*Work order:* Within the records below is a range that opens at the line with "match m with MV n => LV" and closes at the line with "(LB (mon_term m3) (LB". Return that range word for word, both ends included, and only that range.

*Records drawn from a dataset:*
*** Block opens ***

Lemma poisson_zerol h x p : poisson N zeroF h x p = 0.
Proof.
  apply phase_sum_zero; intros i a. unfold dX, dP, zeroF. rewrite !Derive_const. ring.
Qed.

Lemma poisson_zeror h x p : poisson N h zeroF x p = 0.
Proof.
  apply phase_sum_zero; intros i a. unfold dX, dP, zeroF. rewrite !Derive_const. ring.
Qed.

Lemma poisson_anti f g x p : poisson N f g x p = - poisson N g f x p.
Proof.
  rewrite !poisson_phase_sum. replace (- _) with (-1 * phase_sum N (fun i a =>
    dX g i a x p * dP f i a x p - dP g i a x p * dX f i a x p)) by ring.
  rewrite <- phase_sum_scal. apply phase_sum_ext; intros i a. ring.
Qed.

Lemma poisson_self f x p : poisson N f f x p = 0.
Proof. pose proof (poisson_anti f f x p). lra. Qed.

Lemma poisson_jacobi f g h : Smooth N f -> Smooth N g -> Smooth N h ->
  forall x p, noCollision N x ->
  poisson N f (poisson N g h) x p + poisson N g (poisson N h f) x p
  + poisson N h (poisson N f g) x p = 0.
Proof.
  intros [ef [Hwf Hf]] [eg [Hwg Hg]] [eh [Hwh Hh]] x p HU.
  rewrite (poisson_ev N f (poisson N g h) ef (pb_expr N eg eh)),
    (poisson_ev N g (poisson N h f) eg (pb_expr N eh ef)),
    (poisson_ev N h (poisson N f g) eh (pb_expr N ef eg)); auto using wf_pb_expr, poisson_ev.
  apply pb_expr_jacobi.
Qed.

Lemma opbr_opbr f g h x p : noCollision N x ->
  opbr N f (opbr N g h) x p = poisson N f (poisson N g h) x p.
Proof.
  intros HU. unfold opbr. rewrite poisson_anti.
  rewrite (poisson_agree N f f (poisson N h g) (scaleF (-1) (poisson N g h)))
    by first [exact HU|apply agree_refl|intros y q _; unfold scaleF; rewrite poisson_anti; ring].
  rewrite poisson_scaler. ring.
Qed.

End PoissonAlgebra.

(* Formal Lie polynomials in variables [LV n], and their normal form: a linear
   combination of bracket monomials, each oriented by a fixed total order and with
   the monomials [{n, n}] and [{i, j}] of declared commuting pairs removed.  Two
   Lie polynomials whose normal forms differ by instances of the Jacobi identity
   take the same value; [lra] finishes such comparisons. *)
Inductive LTerm := LV (n : nat) | LB (a b : LTerm) | LA (a b : LTerm) | LS (r : R) (a : LTerm) | LZ.
Inductive Mon := MV (n : nat) | MB (a b : Mon).

Fixpoint mon_eqb (a b : Mon) : bool :=
  match a, b with
  | MV i, MV j => Nat.eqb i j
  | MB a1 a2, MB b1 b2 => andb (mon_eqb a1 b1) (mon_eqb a2 b2)
  | _, _ => false
  end.

Lemma mon_eqb_eq a b : mon_eqb a b = true -> a = b.
Proof.
  revert b; induction a; destruct b; simpl; try discriminate.
  - intros H; apply Nat.eqb_eq in H; now subst.
  - intros H; apply andb_prop in H; destruct H; f_equal; auto.
Qed.

Fixpoint mon_key (m : Mon) : list nat :=
  match m with MV n => [S (S n)] | MB a b => 0%nat :: mon_key a ++ 1%nat :: mon_key b end.

Fixpoint lexb (l1 l2 : list nat) : bool :=
  match l1, l2 with
  | [], _ => true
  | _ :: _, [] => false
  | a :: r1, b :: r2 => if Nat.ltb a b then true else if Nat.eqb a b then lexb r1 r2 else false
  end.

Definition commutesb (cs : list (nat * nat)) (i j : nat) : bool :=
  existsb (fun q => orb (andb (Nat.eqb (fst q) i) (Nat.eqb (snd q) j))
                        (andb (Nat.eqb (fst q) j) (Nat.eqb (snd q) i))) cs.

Definition canon_bracket cs (m1 m2 : Mon) : option (R * Mon) :=
  if mon_eqb m1 m2 then None else
  if (match m1, m2 with MV i, MV j => commutesb cs i j | _, _ => false end) then None else
  if lexb (mon_key m1) (mon_key m2) then Some (1, MB m1 m2) else Some (-1, MB m2 m1).

Definition bracket_terms cs (cm1 cm2 : R * Mon) : list (R * Mon) :=
  match canon_bracket cs (snd cm1) (snd cm2) with
  | None => []
  | Some (s, m) => [(fst cm1 * fst cm2 * s, m)]
  end.

Fixpoint expand cs (t : LTerm) : list (R * Mon) :=
  match t with
  | LV n => [(1, MV n)]
  | LA a b => expand cs a ++ expand cs b
  | LS r a => map (fun cm => (r * fst cm, snd cm)) (expand cs a)
  | LZ => []
  | LB a b => flat_map (fun cm1 => flat_map (fun cm2 => bracket_terms cs cm1 cm2) (expand cs b))
                       (expand cs a)
  end.

Fixpoint mon_term (m : Mon) : LTerm :=
  match m with MV n => LV n | MB a b => LB (mon_term a) (mon_term b) end.

Definition jacobi_term (m1 m2 m3 : Mon) : LTerm :=
  LA (LB (mon_term m1) (LB (mon_term m2) (mon_term m3)))
     (LA (LB (mon_term m2) (LB (mon_term m3) (mon_term m1)))
         (LB (mon_term m3) (LB (mon_term m1) (mon_term m2)))).

Definition commuting N (env : list Fun) (cs : list (nat * nat)) : Prop :=
  List.Forall (fun q => agree N (opbr N (nth (fst q) env zeroF) (nth (snd q) env zeroF)) zeroF) cs.

Lemma smooth_nth N l n : List.Forall (Smooth N) l -> Smooth N (nth n l zeroF).
Proof. intros H. revert n; induction H; intros [|n]; simpl; auto using smooth_zero. Qed.

Section LieTerms.
Variable N : nat.
Variable env : list Fun.
Variable cs : list (nat * nat).
Hypothesis env_smooth : List.Forall (Smooth N) env.
Hypothesis cs_commute : commuting N env cs.

Let var n := nth n env zeroF.

Fixpoint interp (t : LTerm) : Fun :=
  match t with
  | LV n => var n
  | LB a b => opbr N (interp a) (interp b)
  | LA a b => addF (interp a) (interp b)
  | LS r a => scaleF r (interp a)
  | LZ => zeroF
  end.

Fixpoint imon (m : Mon) : Fun :=
  match m with MV n => var n | MB a b => opbr N (imon a) (imon b) end.

Definition lin_comb (l : list (R * Mon)) : Fun :=
  fun x p => fold_right (fun cm acc => fst cm * imon (snd cm) x p + acc) 0 l.

Lemma smooth_var n : Smooth N (var n).
Proof. now apply smooth_nth. Qed.
(* With p = d + alpha h e, the right-hand side dominates p^2 + s e^2 for
   s = alpha (eta - alpha L^2) > 0, while d and e + d are p minus multiples of e. *)
Lemma coord_bound (R : realType) (m L alpha eta h e d : R) :
  0 < m -> m <= h <= L -> 0 < alpha -> alpha * L ^+ 2 < eta ->
  d ^+ 2 + (h * (e + d)) ^+ 2 + e ^+ 2 <=
  coord_const alpha L eta
    * (d ^+ 2 + 2 * alpha * (h * (e + d)) * e - alpha * (2 * m - eta) * e ^+ 2).
Proof.
move=> m_gt0 /andP[mh hL] alpha_gt0 alphaL.
set s := alpha * (eta - alpha * L ^+ 2); set p := d + alpha * h * e.
set c := 1 + 2 * (1 + L ^+ 2) * (1 + alpha * L) ^+ 2.
have s_gt0 : 0 < s by rewrite mulr_gt0 // subr_gt0.
have h2L : h ^+ 2 <= L ^+ 2 by rewrite lerXn2r ?nnegrE; lra.
have lower : p ^+ 2 + s * e ^+ 2 <=
    d ^+ 2 + 2 * alpha * (h * (e + d)) * e - alpha * (2 * m - eta) * e ^+ 2.
  have -> : d ^+ 2 + 2 * alpha * (h * (e + d)) * e - alpha * (2 * m - eta) * e ^+ 2
      = p ^+ 2 + s * e ^+ 2 + alpha * (2 * (h - m) + alpha * (L ^+ 2 - h ^+ 2)) * e ^+ 2.
    by rewrite /p /s; ring.
  have : 0 <= alpha * (L ^+ 2 - h ^+ 2) by rewrite mulr_ge0 ?subr_ge0 // ltW.
  by move=> ?; rewrite lerDl mulr_ge0 ?sqr_ge0 // mulr_ge0 ?(ltW alpha_gt0) //; lra.
have upper : d ^+ 2 + (h * (e + d)) ^+ 2 + e ^+ 2 <= c * (p ^+ 2 + e ^+ 2).
  set q := 1 + alpha * L.
  have aL_ge0 : 0 <= alpha * L by rewrite mulr_ge0 ?ltW //; lra.
  have q_ge1 : 1 <= q by rewrite /q; lra.
  have ah_ge0 : 0 <= alpha * h by rewrite mulr_ge0 ?ltW //; lra.
  have ah_le : alpha * h <= alpha * L := ler_wpM2l (ltW alpha_gt0) hL.
  have hd : d ^+ 2 <= 2 * q ^+ 2 * (p ^+ 2 + e ^+ 2).
    have -> : d = p + (- (alpha * h)) * e by rewrite /p; ring.
    by apply: sqr_add_mul_le => //; apply/andP; split; rewrite /q; lra.
  have hed : (e + d) ^+ 2 <= 2 * q ^+ 2 * (p ^+ 2 + e ^+ 2).
    have -> : e + d = p + (1 - alpha * h) * e by rewrite /p; ring.
    by apply: sqr_add_mul_le => //; apply/andP; split; rewrite /q; lra.
  have hg : (h * (e + d)) ^+ 2 <= L ^+ 2 * (2 * q ^+ 2 * (p ^+ 2 + e ^+ 2)).
    by rewrite exprMn; apply: ler_pM => //; rewrite ?sqr_ge0.
  have -> : c * (p ^+ 2 + e ^+ 2) = p ^+ 2 + e ^+ 2
      + 2 * q ^+ 2 * (p ^+ 2 + e ^+ 2) + L ^+ 2 * (2 * q ^+ 2 * (p ^+ 2 + e ^+ 2)).
    by rewrite /c /q; ring.
  have := sqr_ge0 p; lra.
have scale : p ^+ 2 + e ^+ 2 <= (1 + s^-1) * (p ^+ 2 + s * e ^+ 2).
  have : 0 <= s^-1 * p ^+ 2 by rewrite mulr_ge0 ?sqr_ge0 ?invr_ge0 ?ltW.
  have : s^-1 * (s * e ^+ 2) = e ^+ 2 by rewrite mulrA mulVf ?gt_eqF // mul1r.
  have : 0 <= s * e ^+ 2 by rewrite mulr_ge0 ?sqr_ge0 ?ltW.
  rewrite mulrDl mul1r mulrDr; lra.
have c_ge0 : 0 <= c.
  by rewrite /c addr_ge0 // mulr_ge0 ?sqr_ge0 // mulr_ge0 // addr_ge0 ?sqr_ge0.
apply: le_trans upper _; rewrite /coord_const -/s -/c -mulrA.
apply: (ler_wpM2l c_ge0); apply: le_trans scale _.
by apply: ler_wpM2l lower; rewrite addr_ge0 ?invr_ge0 ?ltW.
Qed.

Section OneStep.
Variables (R : realType) (n eps : nat) (A : 'M[R]_(eps, n)) (B : 'M[R]_n).
Variables (rho P KA KB KN alpha beta m L eta : R).
Hypotheses (B_sym : B^T = B) (B_psd : forall x, 0 <= qf B x).
Hypotheses (B_rho : forall x, qf B x <= rho * sqnorm x) (rho_ge0 : 0 <= rho).
Hypothesis A_P : forall x, sqnorm (A *m x) <= P * sqnorm x.
Hypotheses (KA_ge0 : 0 <= KA)
  (A_range : forall v, sqnorm (A *m v) <= KA * sqnorm (A^T *m (A *m v))).
Hypotheses (KB_ge0 : 0 <= KB) (B_KB : forall x, sqnorm (B *m x) <= KB * qf B x).
Hypotheses (KN_ge0 : 0 <= KN)
  (N_KN : forall x, sqnorm ((B + beta *: (A^T *m A)) *m x) <= KN * sqnorm x).
Hypotheses (alpha_gt0 : 0 < alpha) (beta_gt0 : 0 < beta) (m_gt0 : 0 < m).
Hypotheses (beta_P : beta * P < 2 * m - eta - 2 * rho) (alpha_L : alpha * L ^+ 2 < eta).

Definition energy_const : R := coord_const alpha L eta + KB / alpha.

Definition error_const : R :=
  1 + alpha * rho + 4 * KA * (1 + alpha ^+ 2 + alpha ^+ 2 * KN) / (alpha * beta).

Definition contraction_rate : R := (energy_const * error_const)^-1.

Lemma contraction_rate_gt0 : 0 < contraction_rate.
Proof.
have K3_gt0 := coord_const_gt0 alpha_gt0 alpha_L.
have : 0 <= KB / alpha by rewrite divr_ge0 // ltW.
have : 0 <= alpha * rho by rewrite mulr_ge0 // ltW.
have : 0 <= 4 * KA * (1 + alpha ^+ 2 + alpha ^+ 2 * KN) / (alpha * beta).
  have : 0 <= alpha ^+ 2 * KN by rewrite mulr_ge0 ?sqr_ge0.
  move=> ?; rewrite divr_ge0 ?mulr_ge0 // ?ltW //.
  by have := sqr_ge0 alpha; lra.
rewrite /contraction_rate /energy_const /error_const => *.
by rewrite invr_gt0 mulr_gt0 //; lra.
Qed.

Variables (h : 'I_n -> R) (u w g e v : 'cV[R]_n) (mu mu' : 'cV[R]_eps).
Hypotheses (h_bnd : forall i, m <= h i <= L) (g_diag : forall i, g i 0 = h i * u i 0).
Hypothesis e_def : e = u - alpha *: g - alpha *: (A^T *m mu) - alpha *: (B *m w).
Hypotheses (mu'_def : mu' = mu + beta *: (A *m e)) (mu'_range : mu' = A *m v).

Let d := u - e.
Let X := sqnorm d + 2 * alpha * dotv g e - alpha * (2 * m - eta) * sqnorm e.
Let LHS := (1 + alpha * rho) * sqnorm e + alpha / beta * sqnorm mu'.
Let RHS := sqnorm u + alpha / beta * sqnorm mu + alpha * rho * sqnorm w.
Let D := RHS - LHS.
Let Y := sqnorm d + sqnorm g + sqnorm e + sqnorm (B *m (w + e)).

Lemma dissipation_ge : X + alpha * qf B (w + e) <= D.
Proof.
have d_def : d = alpha *: (g + A^T *m mu + B *m w).
  by rewrite /d e_def; apply/matrixP => i j; rewrite !mxE; ring.
have hu : sqnorm u = sqnorm e
    + 2 * alpha * (dotv e g + dotv e (A^T *m mu) + dotv e (B *m w)) + sqnorm d.
  by rewrite -{1}(subrK e u) -/d addrC sqnormD {1}d_def dotvZr !dotvDr; ring.
have hmu' : sqnorm mu' = sqnorm mu + 2 * beta * dotv e (A^T *m mu)
    + beta ^+ 2 * sqnorm (A *m e).
  by rewrite mu'_def sqnormD sqnormZ dotvZr dotv_mulmx dotvC; ring.
have hqf : qf B (w + e) = qf B w + 2 * dotv e (B *m w) + qf B e by rewrite qfD.
have D_eq : D = sqnorm d + 2 * alpha * dotv e g + 2 * alpha * dotv e (B *m w)
    + alpha * (rho * sqnorm w - rho * sqnorm e - beta * sqnorm (A *m e)).
  by rewrite /D /RHS /LHS hu hmu'; field; rewrite gt_eqF.
have slack : 0 <= (2 * m - eta - 2 * rho - beta * P) * sqnorm e.
  by rewrite mulr_ge0 ?sqnorm_ge0 // subr_ge0 ltW.
have Ae : beta * sqnorm (A *m e) <= beta * (P * sqnorm e).
  by apply: (ler_wpM2l (ltW beta_gt0)).
have := ler_wpM2l (ltW alpha_gt0) (B_rho w).
have := ler_wpM2l (ltW alpha_gt0) (B_rho e).
have := ler_wpM2l (ltW alpha_gt0) Ae.
have := mulr_ge0 (ltW alpha_gt0) slack.
rewrite D_eq /X hqf (dotvC g e); lra.
Qed.

Lemma coord_sum_le : sqnorm d + sqnorm g + sqnorm e <= coord_const alpha L eta * X.
Proof.
set K := coord_const alpha L eta; set c := alpha * (2 * m - eta).
have hi i : d i 0 ^+ 2 + g i 0 ^+ 2 + e i 0 ^+ 2
    <= K * (d i 0 ^+ 2 + 2 * alpha * g i 0 * e i 0 - c * e i 0 ^+ 2).
  have -> : g i 0 = h i * (e i 0 + d i 0) by rewrite g_diag /d !mxE; ring.
  exact: coord_bound m_gt0 (h_bnd i) alpha_gt0 alpha_L.
have -> : X = \sum_i (d i 0 ^+ 2 + 2 * alpha * g i 0 * e i 0 - c * e i 0 ^+ 2).
  rewrite sumrB big_split /= /X /sqnorm /dotv mulr_sumr [c * _]mulr_sumr.
  by congr (_ + _ - _); apply: eq_bigr => i _; rewrite mulrA.
by rewrite /sqnorm -!big_split mulr_sumr; apply: ler_sum => i _; apply: hi.
Qed.

Lemma energy_le : Y <= energy_const * D.
Proof.
set K3 := coord_const alpha L eta; set q := qf B (w + e).
have K3_gt0 : 0 < K3 := coord_const_gt0 alpha_gt0 alpha_L.
have hX := coord_sum_le; have hD := dissipation_ge; rewrite -/K3 -/q in hX hD.
have X_ge0 : 0 <= X.
  rewrite -(pmulr_rge0 _ K3_gt0); apply: le_trans hX.
  by rewrite !addr_ge0 ?sqnorm_ge0.
have q_ge0 : 0 <= q := B_psd _.
have KBa_ge0 : 0 <= KB / alpha by rewrite divr_ge0 // ltW.
have := ler_wpM2l (ltW K3_gt0) hD; have := ler_wpM2l KBa_ge0 hD.
have : KB / alpha * (alpha * q) = KB * q by rewrite mulrA divfK // gt_eqF.
have := mulr_ge0 (ltW K3_gt0) (mulr_ge0 (ltW alpha_gt0) q_ge0).
have : 0 <= KB / alpha * X by rewrite mulr_ge0.
have := B_KB (w + e); rewrite -/q.
rewrite /Y /energy_const -/K3; lra.
Qed.

Lemma error_le : LHS <= error_const * Y.
Proof.
set N := B + beta *: (A^T *m A); set z := w + e.
have Y_ge : forall t, 0 <= t -> t * sqnorm e <= t * Y.
  move=> t t_ge0; apply: (ler_wpM2l t_ge0).
  rewrite /Y; have := sqnorm_ge0 d; have := sqnorm_ge0 g.
  by have := sqnorm_ge0 (B *m z); lra.
have A_mu' : alpha *: (A^T *m mu')
    = d + (- alpha) *: g + (- alpha) *: (B *m z) + alpha *: (N *m e).
  rewrite mu'_def mulmxDr -scalemxAr /z mulmxDr /N mulmxDl -scalemxAl -mulmxA.
  move: (A^T *m mu) (A^T *m (A *m e)) (B *m w) (B *m e) e_def => a1 a2 a3 a4 e_def'.
  by rewrite /d e_def'; apply/matrixP => i j; rewrite !mxE; ring.
have hmu' : alpha ^+ 2 * sqnorm (A^T *m mu') <=
    4 * (sqnorm d + alpha ^+ 2 * sqnorm g + alpha ^+ 2 * sqnorm (B *m z)
         + alpha ^+ 2 * (KN * sqnorm e)).
  rewrite -sqnormZ A_mu'; apply: le_trans (sqnormD4_le _ _ _ _) _.
  rewrite !sqnormZ sqrrN; have := ler_wpM2l (sqr_ge0 alpha) (N_KN e); lra.
set C := KA / (alpha * beta).
have C_ge0 : 0 <= C by rewrite divr_ge0 // mulr_ge0 // ltW.
have mu'_le : alpha / beta * sqnorm mu' <= C * (alpha ^+ 2 * sqnorm (A^T *m mu')).
  have -> : C * (alpha ^+ 2 * sqnorm (A^T *m mu'))
      = alpha / beta * (KA * sqnorm (A^T *m mu')) by rewrite /C; field; rewrite !gt_eqF.
  by apply: ler_wpM2l; [rewrite divr_ge0 // ltW | rewrite mu'_range A_range].
have energy4 : 4 * (sqnorm d + alpha ^+ 2 * sqnorm g + alpha ^+ 2 * sqnorm (B *m z)
         + alpha ^+ 2 * (KN * sqnorm e)) <= 4 * (1 + alpha ^+ 2 + alpha ^+ 2 * KN) * Y.
  have := Y_ge _ (mulr_ge0 (sqr_ge0 alpha) KN_ge0).
  have : alpha ^+ 2 * (sqnorm g + sqnorm (B *m z)) <= alpha ^+ 2 * Y.
    apply: ler_wpM2l; rewrite ?sqr_ge0 // /Y.
    by have := sqnorm_ge0 d; have := sqnorm_ge0 e; lra.
  have : sqnorm d <= Y.
    rewrite /Y; have := sqnorm_ge0 g; have := sqnorm_ge0 e.
    by have := sqnorm_ge0 (B *m z); lra.
  lra.
have := ler_wpM2l C_ge0 hmu'; have := ler_wpM2l C_ge0 energy4.
have := Y_ge _ (addr_ge0 ler01 (mulr_ge0 (ltW alpha_gt0) rho_ge0)).
rewrite /LHS /error_const -/C.
have -> : 4 * KA * (1 + alpha ^+ 2 + alpha ^+ 2 * KN) / (alpha * beta)
    = C * (4 * (1 + alpha ^+ 2 + alpha ^+ 2 * KN)) by rewrite /C; field; rewrite !gt_eqF.
lra.
Qed.

Lemma one_step_contraction : LHS <= (1 + contraction_rate)^-1 * RHS.
Proof.
have K4_gt0 : 0 < energy_const.
  by rewrite ltr_wpDr ?coord_const_gt0 // divr_ge0 // ltW.
have K45_gt0 : 0 < energy_const * error_const by rewrite -invr_gt0 contraction_rate_gt0.
have K5_gt0 : 0 < error_const by rewrite -(pmulr_rgt0 _ K4_gt0).
have := le_trans error_le (ler_wpM2l (ltW K5_gt0) energy_le).
rewrite mulrA [error_const * _]mulrC -ler_pdivrMl // -/contraction_rate.
have := contraction_rate_gt0; rewrite /D => *.
by rewrite ler_pdivlMl ?mulrDl ?mul1r; lra.
Qed.

End OneStep.

Lemma grad_sub_diag (R : realType) n (f : 'I_n -> R -> R) (m L : R) :
  (forall i x, derivable (derive1 (f i)) x 1) ->
  (forall i x, m <= derive1 (derive1 (f i)) x <= L) ->
  forall x y : 'cV[R]_n, exists2 h : 'I_n -> R, (forall i, m <= h i <= L)
    & forall i, (grad f x - grad f y) i 0 = h i * (x - y) i 0.
Proof.
move=> f'_der f''_bnd x y.
have slope i : exists2 c, m <= c <= L & (grad f x - grad f y) i 0 = c * (x - y) i 0.
  have [c c_bnd eq_c] := secant_slope_bounded (f'_der i) (f''_bnd i) (x i 0) (y i 0).
  by exists c => //; rewrite !mxE eq_c.
exists (fun i => if (x - y) i 0 == 0 then derive1 (derive1 (f i)) (x i 0)
                 else (grad f x - grad f y) i 0 / (x - y) i 0) => i /=;
  case: eqP => [xy0|/eqP xy_neq0].
- exact: f''_bnd.
- by have [c c_bnd ->] := slope i; rewrite mulfK.
- by have [c _ ->] := slope i; rewrite xy0 !mulr0.
- by rewrite divfK.
Qed.

Section FlexPDIterates.
Variables (R : realType) (n eps : nat) (f : 'I_n -> R -> R) (A : 'M[R]_(eps, n)).
Variables (B : 'M[R]_n) (alpha beta : R) (T : nat) (x0 : 'cV[R]_n).

Lemma flexpd_lamS k : flexpd_lam f A B alpha beta T x0 k.+1
  = flexpd_lam f A B alpha beta T x0 k + beta *: (A *m flexpd_inner f A B alpha beta T x0 k T).
Proof.
by rewrite /flexpd_inner /flexpd_x /flexpd_lam /=; case: (flexpd_state f A B alpha beta T x0 k).
Qed.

*** Block closes ***

*Completed task:*
  match m with MV n => LV n | MB a b => LB (mon_term a) (mon_term b) end.

Definition jacobi_term (m1 m2 m3 : Mon) : LTerm :=
  LA (LB (mon_term m1) (LB (mon_term m2) (mon_term m3)))
     (LA (LB (mon_term m2) (LB (mon_term m3) (mon_term m1)))
         (LB (mon_term m3) (LB (mon_term m1) (mon_term m2)))).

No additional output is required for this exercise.